The government’s second objective was to attempt to devalue an accumulated history of struggles by designing a new and artificial “rift” built with metal gates. The power of the photograph of a completely full and green plaza on June [3] was the prelude of this current of opinion, sensitivity, and capacity for street mobilization that took over the city once again. 3 They attempted to stop that image from being repeated. And the movement took the shape of a silver and green serpentine that took over avenues, making the night shine and tremble with fires here and there, glitter lighting up faces, and blankets covering the asphalt.
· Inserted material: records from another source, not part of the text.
(* In the setting of the set-expansion estimator (fix $A\in[0,1]^{|\mathcal F|\times M}$, $\boldsymbol\beta\in[0,1]^{|\mathcal F|}$, $D=\mathrm{diag}(1,\dots,M)$, $C>0$, with $\mathcal F_0=\{\mathbf w: A\mathbf w=\boldsymbol\beta,\ \mathbf 0\le\mathbf w\le C\mathbf 1\}\ne\emptyset$; $\theta_{\min},\theta_{\max}$ the min and max of $\mathbf 1^\top AD(\mathbf w+\mathbf 1)$ over $\mathcal F_0$; random estimators $\hat A_n,\hat{\boldsymbol\beta}_n$ with entrywise maximal errors $O_p(n^{-1/2})$; $\hat m_n=\min_{\mathbf 0\le\mathbf w\le C\mathbf 1}\|\hat A_n\mathbf w-\hat{\boldsymbol\beta}_n\|_\infty$; and $\hat\theta_{n,\min}$, $\hat\theta_{n,\max}$ the min and max of $\mathbf 1^\top\hat A_nD(\mathbf w+\mathbf 1)$ over $\{\mathbf w:\|\hat A_n\mathbf w-\hat{\boldsymbol\beta}_n\|_\infty\le\hat m_n+\kappa_n/\sqrt n,\ \mathbf 0\le\mathbf w\le C\mathbf 1\}$), suppose moreover that $A$ has full column rank and that the deterministic sequence $\kappa_n>0$ is bounded (e.g. constant). Then \[\hat\theta_{n,\min}-\theta_{\min}=O_p\Big(\frac1{\sqrt n}\Big),\qquad\hat\theta_{n,\max}-\theta_{\max}=O_p\Big(\frac1{\sqrt n}\Big).\]
   Context: In the application $A=A_x=[\mathbb{P}(R=1,F=f,Y=y\mid X=x)]_{f,y}$, $\boldsymbol\beta=\boldsymbol\beta_x=(\mathbb{P}(R=0,F=f\mid X=x))_f$ for a fixed stratum $x$, and $n$ is the stratum sample size; full column rank of $A_x$ corresponds to point identification of $\mathbb{E}[Y\mid X=x]$. $\|\cdot\|_\infty$ is the max-absolute-entry norm. *)

From HB Require Import structures.
From mathcomp Require Import all_boot all_order all_algebra.
From mathcomp Require Import all_classical all_reals all_analysis.
Set Implicit Arguments. Unset Strict Implicit. Unset Printing Implicit Defensive.
Import Order.TTheory GRing.Theory Num.Theory.
Local Open Scope classical_set_scope.
Local Open Scope ring_scope.

Section Defs.
Variable R : realType.

Definition mxinf (p q : nat) (X : 'M[R]_(p, q)) : R :=
  \big[Num.max/0]_(i < p) \big[Num.max/0]_(j < q) `|X i j|.

Definition Dmx (m : nat) : 'M[R]_m := diag_mx (\row_(j < m) (j.+1)%:R).

Definition box (m : nat) (C : R) (w : 'cV[R]_m) : Prop :=
  forall j, 0 <= w j 0 /\ w j 0 <= C.

Definition obj (k m : nat) (A : 'M[R]_(k, m)) (w : 'cV[R]_m) : R :=
  ((const_mx 1 : 'rV[R]_k) *m A *m Dmx m *m (w + const_mx 1)) 0 0.

Definition F0 (k m : nat) (A : 'M[R]_(k, m)) (b : 'cV[R]_k) (C : R) :
  set 'cV[R]_m := [set w | A *m w = b /\ box C w].

Definition theta_min k m (A : 'M[R]_(k, m)) b C : R := inf [set obj A w | w in F0 A b C].
Definition theta_max k m (A : 'M[R]_(k, m)) b C : R := sup [set obj A w | w in F0 A b C].

Definition mhat k m (A : 'M[R]_(k, m)) (b : 'cV[R]_k) (C : R) : R :=
  inf [set mxinf (A *m w - b) | w in box C].

(* relaxed feasible set with slack t = kappa_n / sqrt n *)
Definition Fhat k m (A : 'M[R]_(k, m)) (b : 'cV[R]_k) (C t : R) : set 'cV[R]_m :=
  [set w | mxinf (A *m w - b) <= mhat A b C + t /\ box C w].

Definition thetahat_min k m (A : 'M[R]_(k, m)) b C t : R :=
  inf [set obj A w | w in Fhat A b C t].
Definition thetahat_max k m (A : 'M[R]_(k, m)) b C t : R :=
  sup [set obj A w | w in Fhat A b C t].

Definition Op {d : measure_display} {T : measurableType d}
  (P : probability T R) (X : nat -> T -> R) (r : nat -> R) : Prop :=
  forall eps : R, 0 < eps -> exists Mb : R, exists N : nat,
    forall n, (N <= n)%N -> exists E : set T,
      measurable E /\ (P (~` E) <= eps%:E)%E /\
      forall om, E om -> `|X n om| <= Mb * r n.

End Defs.

Definition rate (R : realType) (n : nat) : R := (Num.sqrt (n%:R : R))^-1.

From HB Require Import structures.
From mathcomp Require Import all_boot all_order all_algebra.
From mathcomp Require Import all_classical all_reals all_analysis.
From mathcomp Require Import ring lra.
Set Implicit Arguments. Unset Strict Implicit. Unset Printing Implicit Defensive.
Import Order.TTheory GRing.Theory Num.Theory.
Local Open Scope classical_set_scope.
Local Open Scope ring_scope.

(* Full column rank makes [F0] the single point [w0 = L A w0 = L b] for a left
   inverse [L] of [A], so [theta_min = theta_max = obj A w0].  For estimates
   within [dl] of [A] and [b], every point [w] of the relaxed set [Fhat] has
   residual [A w - b] of size [O(dl + t)], hence lies within [O(dl + t)] of
   [w0], and its estimated objective differs from [obj A w0] by [O(dl + t)].
   With [dl = O_p(n^-1/2)] and [t = kappa_n / sqrt n] this is [O_p(n^-1/2)]. *)

Section InfNorm.
Variable R : realType.

Lemma mxinf_ge0 p q (X : 'M[R]_(p, q)) : 0 <= mxinf X.
Proof.
rewrite /mxinf; elim/big_ind: _ => // [x y hx hy|i _]; first by rewrite le_max hx.
by elim/big_ind: _ => // x y hx hy; rewrite le_max hx.
Qed.

Lemma mxinf_entry p q (X : 'M[R]_(p, q)) i j : `|X i j| <= mxinf X.
Proof. exact: le_trans (le_bigmax _ _ j) (le_bigmax _ _ i). Qed.

Lemma mxinf_le p q (X : 'M[R]_(p, q)) c :
  0 <= c -> (forall i j, `|X i j| <= c) -> mxinf X <= c.
Proof. by move=> c0 Xc; apply: bigmax_le => // i _; apply: bigmax_le. Qed.

Lemma mxinfD p q (X Y : 'M[R]_(p, q)) : mxinf (X + Y) <= mxinf X + mxinf Y.
Proof.
apply: mxinf_le => [|i j]; first by rewrite addr_ge0 ?mxinf_ge0.
by rewrite mxE (le_trans (ler_normD _ _)) // lerD ?mxinf_entry.
Qed.

Lemma mxinfN p q (X : 'M[R]_(p, q)) : mxinf (- X) <= mxinf X.
Proof. by apply: mxinf_le => [|i j]; rewrite ?mxinf_ge0 // mxE normrN mxinf_entry. Qed.

Lemma mxinf_mulmx p n q (X : 'M[R]_(p, n)) (Y : 'M[R]_(n, q)) :
  mxinf (X *m Y) <= n%:R * mxinf X * mxinf Y.
Proof.
apply: mxinf_le => [|i j]; first by rewrite !mulr_ge0 ?mxinf_ge0.
rewrite mxE (le_trans (ler_norm_sum _ _ _)) //.
apply: le_trans (_ : \sum_(l < n) mxinf X * mxinf Y <= _).
  by apply: ler_sum => l _; rewrite normrM ler_pM ?mxinf_entry.
by rewrite sumr_const card_ord -mulrA mulr_natl.
Qed.

Lemma mxinf_Dmx m : mxinf (Dmx R m) <= m%:R.
Proof.
apply: mxinf_le => // i j; rewrite /Dmx mxE.
case: eqP => [->|_]; last by rewrite mulr0n normr0.
by rewrite mulr1n mxE ger0_norm // ler_nat.
Qed.

Lemma mxinf_box m C (w : 'cV[R]_m) : 0 <= C -> box C w -> mxinf w <= C.
Proof.
move=> C0 bw; apply: mxinf_le => // i j; rewrite (ord1 j).
by have [w0 wC] := bw i; rewrite ger0_norm.
Qed.

Definition dform k m (X : 'M[R]_(k, m)) (y : 'cV[R]_m) : R :=
  ((const_mx 1 : 'rV[R]_k) *m X *m Dmx R m *m y) 0 0.

Lemma dform_bound k m (X : 'M[R]_(k, m)) (y : 'cV[R]_m) :
  `|dform X y| <= k%:R * m%:R ^+ 3 * mxinf X * mxinf y.
Proof.
have one : mxinf (const_mx 1 : 'rV[R]_k) <= 1 by apply: mxinf_le => // i j; rewrite mxE normr1.
apply: le_trans (mxinf_entry _ 0 0) _; apply: le_trans (mxinf_mulmx _ _) _.
have [X0 y0] := (mxinf_ge0 X, mxinf_ge0 y).
have h1 : mxinf ((const_mx 1 : 'rV[R]_k) *m X) <= k%:R * mxinf X.
  by apply: le_trans (mxinf_mulmx _ _) _; rewrite ler_wpM2r // ler_piMr.
have h2 : mxinf ((const_mx 1 : 'rV[R]_k) *m X *m Dmx R m) <= m%:R * (k%:R * mxinf X) * m%:R.
  apply: le_trans (mxinf_mulmx _ _) _.
  by rewrite ler_pM ?mulr_ge0 ?mxinf_ge0 ?mxinf_Dmx // ler_wpM2l.
apply: le_trans (_ : m%:R * (m%:R * (k%:R * mxinf X) * m%:R) * mxinf y <= _).
  by rewrite ler_wpM2r // ler_wpM2l.
by rewrite le_eqVlt; apply/orP; left; apply/eqP; ring.
Qed.

Lemma obj_sub k m (A A' : 'M[R]_(k, m)) (w w' : 'cV[R]_m) :
  obj A' w - obj A w' = dform (A' - A) (w + const_mx 1) + dform A (w - w').
Proof.
have entryB (M N : 'M[R]_1) : M 0 0 - N 0 0 = (M - N) 0 0 by rewrite !mxE.
have entryD (M N : 'M[R]_1) : M 0 0 + N 0 0 = (M + N) 0 0 by rewrite !mxE.
rewrite /obj /dform entryB entryD; congr (fun_of_matrix _ 0 0).
rewrite !(mulmxBr, mulmxBl, mulmxDr); apply/matrixP => i j; rewrite !mxE; ring.
Qed.

End InfNorm.

Lemma inf_sup_near (R : realType) (S : set R) v r : S !=set0 ->
  (forall s, S s -> `|s - v| <= r) -> `|inf S - v| <= r /\ `|sup S - v| <= r.
Proof.
move=> S0 near; have {}near s : S s -> v - r <= s <= v + r by rewrite -ler_distl; apply: near.
have [s0 Ss0] := S0; have /andP[s0l s0u] := near _ Ss0.
have lbS : has_lbound S by exists (v - r) => s /near /andP[].
have ubS : has_ubound S by exists (v + r) => s /near /andP[].
rewrite !ler_distl; split; apply/andP; split.
- by apply: lb_le_inf => // s /near /andP[].
- exact: le_trans (ge_inf lbS Ss0) s0u.
- exact: le_trans s0l (ub_le_sup ubS Ss0).
- by apply: ge_sup => // s /near /andP[].
Qed.

Section FullColumnRank.
Variables (R : realType) (k m : nat) (A : 'M[R]_(k, m)) (L : 'M[R]_(m, k)).
Variables (b : 'cV[R]_k) (C : R) (w0 : 'cV[R]_m).
Hypotheses (LA : L *m A = 1%:M) (Aw0 : A *m w0 = b) (bw0 : box C w0) (C0 : 0 <= C).

Lemma F0_eq : F0 A b C = [set w0].
Proof.
apply/seteqP; split=> [w [Aw _]|w ->] //=.
by rewrite -(mul1mx w) -(mul1mx w0) -LA -!mulmxA Aw Aw0.
Qed.

Lemma theta_min_eq : theta_min A b C = obj A w0.
Proof. by rewrite /theta_min F0_eq image_set1 inf1. Qed.

Lemma theta_max_eq : theta_max A b C = obj A w0.
Proof. by rewrite /theta_max F0_eq image_set1 sup1. Qed.

Definition slack_coef : R := k%:R * m%:R ^+ 3 * mxinf A * (k%:R * mxinf L).
Definition error_coef : R := k%:R * m%:R ^+ 3 * (C + 1) + 2 * slack_coef * (m%:R * C + 1).

Variables (Ah : 'M[R]_(k, m)) (bh : 'cV[R]_k) (dl t : R).
Hypotheses (dA : mxinf (Ah - A) <= dl) (db : mxinf (bh - b) <= dl) (t0 : 0 < t).

Lemma mxinf_err_mulmx w : box C w -> mxinf ((Ah - A) *m w) <= m%:R * dl * C.
Proof.
move=> bw; apply: le_trans (mxinf_mulmx _ _) _.
by rewrite ler_pM ?mulr_ge0 ?mxinf_ge0 ?mxinf_box // ler_wpM2l.
Qed.

Lemma has_inf_residuals : has_inf [set mxinf (Ah *m w - bh) | w in box C].
Proof. by split; [exists (mxinf (Ah *m w0 - bh)), w0 | exists 0 => _ [w _ <-]; apply: mxinf_ge0]. Qed.

Lemma mhat_le : mhat Ah bh C <= m%:R * dl * C + dl.
Proof.
apply: le_trans (_ : mxinf (Ah *m w0 - bh) <= _).
  by apply: ge_inf; [case: has_inf_residuals | exists w0].
have -> : Ah *m w0 - bh = (Ah - A) *m w0 - (bh - b).
  by rewrite mulmxBl Aw0 opprB addrA subrK.
by apply: le_trans (mxinfD _ _) _; rewrite lerD ?mxinf_err_mulmx // (le_trans (mxinfN _)).
Qed.

Lemma Fhat_neq0 : Fhat Ah bh C t !=set0.
Proof.
have [_ [w bw <-] lt_mhat] := inf_adherent t0 has_inf_residuals.
by exists w; split; rewrite ?ltW.
Qed.

Lemma Fhat_residual w : Fhat Ah bh C t w ->
  mxinf (A *m w - b) <= 2 * (m%:R * dl * C + dl) + t.
Proof.
move=> [resw bw].
have -> : A *m w - b = (Ah *m w - bh) - (Ah - A) *m w + (bh - b).
  by rewrite mulmxBl; apply/matrixP => i j; rewrite !mxE; ring.
have := lerD (lerD resw (le_trans (mxinfN _) (mxinf_err_mulmx bw))) db.
have := mhat_le; have := mxinfD (Ah *m w - bh - (Ah - A) *m w) (bh - b).
have := mxinfD (Ah *m w - bh) (- ((Ah - A) *m w)); lra.
Qed.

Lemma Fhat_near w : Fhat Ah bh C t w ->
  mxinf (w - w0) <= k%:R * mxinf L * (2 * (m%:R * dl * C + dl) + t).
Proof.
move=> Fw; have -> : w - w0 = L *m (A *m w - b).
  by rewrite mulmxBr mulmxA LA mul1mx -Aw0 mulmxA LA mul1mx.
apply: le_trans (mxinf_mulmx _ _) _.
by rewrite ler_wpM2l ?mulr_ge0 ?mxinf_ge0 ?Fhat_residual.
Qed.

Lemma obj_near w : Fhat Ah bh C t w ->
  `|obj Ah w - obj A w0| <= error_coef * dl + slack_coef * t.
Proof.
move=> Fw; have [_ bw] := Fw.
have cube0 : 0 <= k%:R * m%:R ^+ 3 :> R by rewrite mulr_ge0 ?exprn_ge0.
have w1 : mxinf (w + const_mx 1) <= C + 1.
  apply: le_trans (mxinfD _ _) _; rewrite lerD ?(mxinf_box C0 bw) //.
  by apply: mxinf_le => // i j; rewrite mxE normr1.
have D1 : `|dform (Ah - A) (w + const_mx 1)| <= k%:R * m%:R ^+ 3 * dl * (C + 1).
  apply: le_trans (dform_bound _ _) _.
  by rewrite ler_pM ?mulr_ge0 ?mxinf_ge0 // ler_wpM2l.
have D2 : `|dform A (w - w0)| <=
    k%:R * m%:R ^+ 3 * mxinf A * (k%:R * mxinf L * (2 * (m%:R * dl * C + dl) + t)).
  by apply: le_trans (dform_bound _ _) _; rewrite ler_wpM2l ?mulr_ge0 ?mxinf_ge0 ?Fhat_near.
rewrite obj_sub; apply: le_trans (ler_normD _ _) _; apply: le_trans (lerD D1 D2) _.
by rewrite /error_coef /slack_coef le_eqVlt; apply/orP; left; apply/eqP; ring.
Qed.

Lemma thetahat_near :
  `|thetahat_min Ah bh C t - theta_min A b C| <= error_coef * dl + slack_coef * t /\
  `|thetahat_max Ah bh C t - theta_max A b C| <= error_coef * dl + slack_coef * t.
Proof.
rewrite theta_min_eq theta_max_eq; apply: inf_sup_near => [|_ [w Fw <-]].
  by have [w Fw] := Fhat_neq0; exists (obj Ah w), w.
exact: obj_near.
Qed.

End FullColumnRank.

Lemma measureC_setI_le (R : realType) d (T : measurableType d)
    (mu : {measure set T -> \bar R}) (E1 E2 : set T) (e1 e2 : R) :
  measurable E1 -> measurable E2 ->
  (mu (~` E1) <= e1%:E)%E -> (mu (~` E2) <= e2%:E)%E ->
  (mu (~` (E1 `&` E2)) <= (e1 + e2)%:E)%E.
Proof.
move=> mE1 mE2 mu1 mu2; rewrite setCI EFinD.
by apply: le_trans (measureU2 _ (measurableC mE1) (measurableC mE2)) (leeD mu1 mu2).
Qed.

Lemma Op_dominated (R : realType) d (T : measurableType d) (P : probability T R)
    (X Y Z : nat -> T -> R) (r : nat -> R) (a c : R) (N0 : nat) :
  0 <= a -> (forall n, 0 <= r n) -> Op P X r -> Op P Y r ->
  (forall n om, (N0 <= n)%N -> `|Z n om| <= a * (`|X n om| + `|Y n om|) + c * r n) ->
  Op P Z r.
Proof.
move=> a0 r0 OX OY domZ eps eps0.
have eps2 : 0 < eps / 2 by rewrite divr_gt0.
have [MX [NX OXn]] := OX _ eps2; have [MY [NY OYn]] := OY _ eps2.
exists (a * (`|MX| + `|MY|) + `|c|), (maxn N0 (maxn NX NY)) => n.
rewrite !geq_max => /and3P[n0 nX nY].
have [EX [mEX [PEX EXn]]] := OXn n nX; have [EY [mEY [PEY EYn]]] := OYn n nY.
exists (EX `&` EY); split; first exact: measurableI.
split; first by rewrite [eps in eps%:E]splitr; exact: measureC_setI_le.
have le_norm_rate M x : `|x| <= M * r n -> `|x| <= `|M| * r n.
  by move=> /le_trans; apply; rewrite ler_wpM2r ?ler_norm.
move=> om [/EXn/le_norm_rate Xn /EYn/le_norm_rate Yn].
apply: le_trans (domZ _ _ n0) _; rewrite mulrDl -mulrA lerD //.
  by rewrite ler_wpM2l // mulrDl lerD.
by rewrite ler_wpM2r ?ler_norm.
Qed.

Theorem theorem3 (R : realType) (k m : nat)
  (A : 'M[R]_(k, m)) (b : 'cV[R]_k) (C : R)
  (d : measure_display) (T : measurableType d) (P : probability T R)
  (Ahat : nat -> T -> 'M[R]_(k, m)) (bhat : nat -> T -> 'cV[R]_k)
  (kappa : nat -> R) :
  (forall i j, 0 <= A i j <= 1) ->
  (forall i, 0 <= b i 0 <= 1) ->
  0 < C ->
  F0 A b C !=set0 ->
  Op P (fun n om => mxinf (Ahat n om - A)) (@rate R) ->
  Op P (fun n om => mxinf (bhat n om - b)) (@rate R) ->
  \rank A = m ->
  (forall n, 0 < kappa n) ->
  (exists K : R, forall n, kappa n <= K) ->
  Op P (fun n om => thetahat_min (Ahat n om) (bhat n om) C
                      (kappa n / Num.sqrt (n%:R)) - theta_min A b C) (@rate R) /\
  Op P (fun n om => thetahat_max (Ahat n om) (bhat n om) C
                      (kappa n / Num.sqrt (n%:R)) - theta_max A b C) (@rate R).
Proof.
move=> _ _ /ltW C0 [w0 [Aw0 bw0]] OA Ob rkA kappa0 [K kappaK].
have LA : pinvmx A *m A = 1%:M by apply: mulVpmx; rewrite /row_full rkA.
pose a := error_coef A (pinvmx A) C; pose s := slack_coef A (pinvmx A).
have s0 : 0 <= s by rewrite /s /slack_coef !mulr_ge0 ?mxinf_ge0.
have a0 : 0 <= a.
  have [A0 L0] := (mxinf_ge0 A, mxinf_ge0 (pinvmx A)).
  by rewrite /a /error_coef -/s addr_ge0 // !mulr_ge0 // addr_ge0 // mulr_ge0.
have rate0 n : 0 <= rate R n by rewrite invr_ge0 sqrtr_ge0.
pose dl n om := `|mxinf (Ahat n om - A)| + `|mxinf (bhat n om - b)|.
have near n om : (1 <= n)%N ->
  `|thetahat_min (Ahat n om) (bhat n om) C (kappa n / Num.sqrt n%:R) - theta_min A b C|
    <= a * dl n om + s * K * rate R n /\
  `|thetahat_max (Ahat n om) (bhat n om) C (kappa n / Num.sqrt n%:R) - theta_max A b C|
    <= a * dl n om + s * K * rate R n.
  move=> n1; have t0 : 0 < kappa n / Num.sqrt n%:R by rewrite divr_gt0 ?sqrtr_gt0 ?ltr0n.
  have dA : mxinf (Ahat n om - A) <= dl n om by rewrite (le_trans (ler_norm _)) ?lerDl.
  have dB : mxinf (bhat n om - b) <= dl n om by rewrite (le_trans (ler_norm _)) ?lerDr.
  have slackK : s * (kappa n / Num.sqrt n%:R) <= s * K * rate R n.
    by rewrite -mulrA ler_wpM2l // ler_wpM2r.
  have [near_min near_max] := thetahat_near LA Aw0 bw0 C0 dA dB t0.
  by split; [apply: le_trans near_min _ | apply: le_trans near_max _]; rewrite lerD2l.
by split; apply: (Op_dominated (c := s * K) (N0 := 1) a0 rate0 OA Ob) => n om /(near n om)[].
Qed.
This massive overflow dismantled the pathetic choreography of the government. There were thousands and thousands of us coming and going. We were determined to stay and that was not a problem. To take over the night was to un-know the temporality of the clock. The state of vigil was a mix of the state of alert that the feminist movement has been asserting in response to the threads of violence against women’s bodies and the joy of being together that gathers us together in a collective body and warm us up.
There is no going back. In that mode of producing care by taking over the street. There is no going back. In the glowing looks of youth who know that occupying the streets is the real way of doing politics and where all bodies matter. There is no going back. Because we opened a crack in the future which they want to rob us of through foreign debt and multiple forms of private debt, as if they were a gag over our everyday lives. There is no going back because we made a hole in what is normalizing. Because in these massive parties with which we are making histories, we are creating new forms of collective existence. We have a “we.” We have each other. And our truth is that we are not alone.